年哥年輕時是單位的水電工,早年間單位是自負盈虧性質的,有附屬經營的賓館和市場,他就負責單位及賓館、市場的水電維護維修,忙得腳不沾地。
后來單位改制,賓館、市場和單位脫離,單位轉為事業單位,業務也單純了許多,年哥不再在一線奔波,他也開始坐辦公室了。
但年哥是個閑不下來的人。單位設有職工灶,單位提供灶具,食材購置及餐食準備皆由職工自助解決,年哥便主動承擔了這一項工作。

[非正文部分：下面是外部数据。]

(* Let $\mu$ be a translation invariant probability measure on $X=\{0,1\}^{\mathbb{Z}}$ with finite total entropy $S(\mu)=\lim_{j\to\infty}S(\pi_j\mu)<\infty$. Then $\mu$ is a PC measure, i.e. $\mu$ is supported on the (countable) set of periodic configurations.
   Context: $\pi_j\mu$ is the marginal of $\mu$ on the coordinates $0,\ldots,j$, and $S(\nu)=-\sum_q\nu(q)\log\nu(q)$ is the Gibbs–Shannon entropy of a measure on a finite set; the limit defining the total entropy exists since $S(\pi_j\mu)$ is nondecreasing in $j$. *)

From Stdlib Require Import Reals ZArith List.
Open Scope R_scope.

Definition config := Z -> bool.

(* Borel sigma-algebra: generated by the one-coordinate cylinders *)
Inductive measurable : (config -> Prop) -> Prop :=
| meas_cyl : forall (i : Z) (b : bool), measurable (fun x => x i = b)
| meas_compl : forall A, measurable A -> measurable (fun x => ~ A x)
| meas_union : forall A : nat -> config -> Prop,
    (forall n, measurable (A n)) -> measurable (fun x => exists n, A n x).

(* probability measure on the Borel sets (values outside measurable sets are irrelevant) *)
Definition is_prob_measure (mu : (config -> Prop) -> R) : Prop :=
  (forall A, measurable A -> 0 <= mu A) /\
  mu (fun _ => True) = 1 /\
  (forall A : nat -> config -> Prop,
      (forall n, measurable (A n)) ->
      (forall m n x, m <> n -> A m x -> A n x -> False) ->
      infinite_sum (fun n => mu (A n)) (mu (fun x => exists n, A n x))).

Definition shift (x : config) : config := fun i => x (i + 1)%Z.

Definition translation_invariant (mu : (config -> Prop) -> R) : Prop :=
  forall A, measurable A -> mu (fun x => A (shift x)) = mu A.

Fixpoint words (n : nat) : list (list bool) :=
  match n with
  | O => nil :: nil
  | S n' => map (cons false) (words n') ++ map (cons true) (words n')
  end.

Definition cyl (w : list bool) : config -> Prop :=
  fun x => forall i : nat, (i < length w)%nat -> x (Z.of_nat i) = nth i w false.

(* pi_j mu, the marginal on coordinates 0..j, evaluated at the word q *)
Definition marginal (mu : (config -> Prop) -> R) (j : nat) (q : list bool) : R :=
  mu (cyl q).

Definition xlogx (t : R) : R := if Req_EM_T t 0 then 0 else t * ln t.

Definition entropy_j (mu : (config -> Prop) -> R) (j : nat) : R :=
  - fold_right Rplus 0 (map (fun q => xlogx (marginal mu j q)) (words (S j))).

Definition periodic_configs : config -> Prop :=
  fun x => exists p : Z, (0 < p)%Z /\ forall n : Z, x (n + p)%Z = x n.

From Pilot Require Import Defs.
From Stdlib Require Import Reals ZArith List Lra Lia Classical FunctionalExtensionality PropExtensionality.
Open Scope R_scope.

(* If the non-periodic configurations had mass [eta > 0], bounded entropy would
   force, for every [j], a cylinder of length [j + 1] carrying a fixed mass [c > 0]
   of them: a cylinder of small probability [p] costs [- p ln p], much more than [p].
   Centring these cylinders by translation invariance and letting [j] grow yields a
   non-periodic point [x] with [mu {x} >= c]; its translates are then infinitely
   many disjoint atoms of mass [c], contradicting sigma-additivity. *)

Lemma set_ext (A B : config -> Prop) : (forall x, A x <-> B x) -> A = B.
Proof.
  intro H; apply functional_extensionality; intro x.
  apply propositional_extensionality; auto.
Qed.

Lemma measurable_ext A B : measurable A -> (forall x, A x <-> B x) -> measurable B.
Proof. intros HA H; rewrite <- (set_ext A B H); exact HA. Qed.

Lemma measure_ext (mu : (config -> Prop) -> R) A B :
  (forall x, A x <-> B x) -> mu A = mu B.
Proof. intro H; rewrite (set_ext A B H); reflexivity. Qed.

Lemma measurableT : measurable (fun _ => True).
Proof.
  apply measurable_ext with
    (fun x => exists n : nat, match n with O => x 0%Z = true | _ => ~ x 0%Z = true end).
  - apply meas_union; intros [|n]; [apply meas_cyl | apply meas_compl, meas_cyl].
  - intro x; split; [auto | intros _].
    destruct (classic (x 0%Z = true)); [exists O | exists 1%nat]; auto.
Qed.

Lemma measurable0 : measurable (fun _ => False).
Proof.
  apply measurable_ext with (fun x => ~ True); [apply meas_compl, measurableT | tauto].
Qed.

Lemma measurableU A B :
  measurable A -> measurable B -> measurable (fun x => A x \/ B x).
Proof.
  intros HA HB.
  apply measurable_ext with
    (fun x => exists n : nat, (match n with O => A | 1%nat => B | _ => fun _ => False end) x).
  - apply meas_union; intros [|[|n]]; auto; apply measurable0.
  - intro x; split.
    + intros [[|[|n]] H]; auto; contradiction.
    + intros [H|H]; [exists O | exists 1%nat]; auto.
Qed.

Lemma measurableI A B :
  measurable A -> measurable B -> measurable (fun x => A x /\ B x).
Proof.
  intros HA HB; apply measurable_ext with (fun x => ~ (~ A x \/ ~ B x)).
  - apply meas_compl, measurableU; apply meas_compl; auto.
  - intro x; tauto.
Qed.

Lemma measurable_forall_nat (A : nat -> config -> Prop) :
  (forall n, measurable (A n)) -> measurable (fun x => forall n, A n x).
Proof.
  intro HA; apply measurable_ext with (fun x => ~ exists n, ~ A n x).
  - apply meas_compl, meas_union; intro n; apply meas_compl; auto.
  - intro x; split.
    + intros H n; apply NNPP; intro H'; apply H; eauto.
    + intros H [n Hn]; auto.
Qed.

他還主動包攬了很多雜務。比如:打理綠植、下班關電閘、鎖門、打掃公共區域等。這些事務并不屬于年哥的工作范疇,但眼里有活的年哥總是一聲不吭地去干這些事情。當他經常這樣做了,人們慢慢理所當然地認定這是他的分內事。
你看,年哥就是這樣的一個人:勤快、老好、不計較個人得失,也是一個爭氣的人。他總覺得自己總要對單位有點貢獻,才能匹配得上國家給自己發放的這些工資。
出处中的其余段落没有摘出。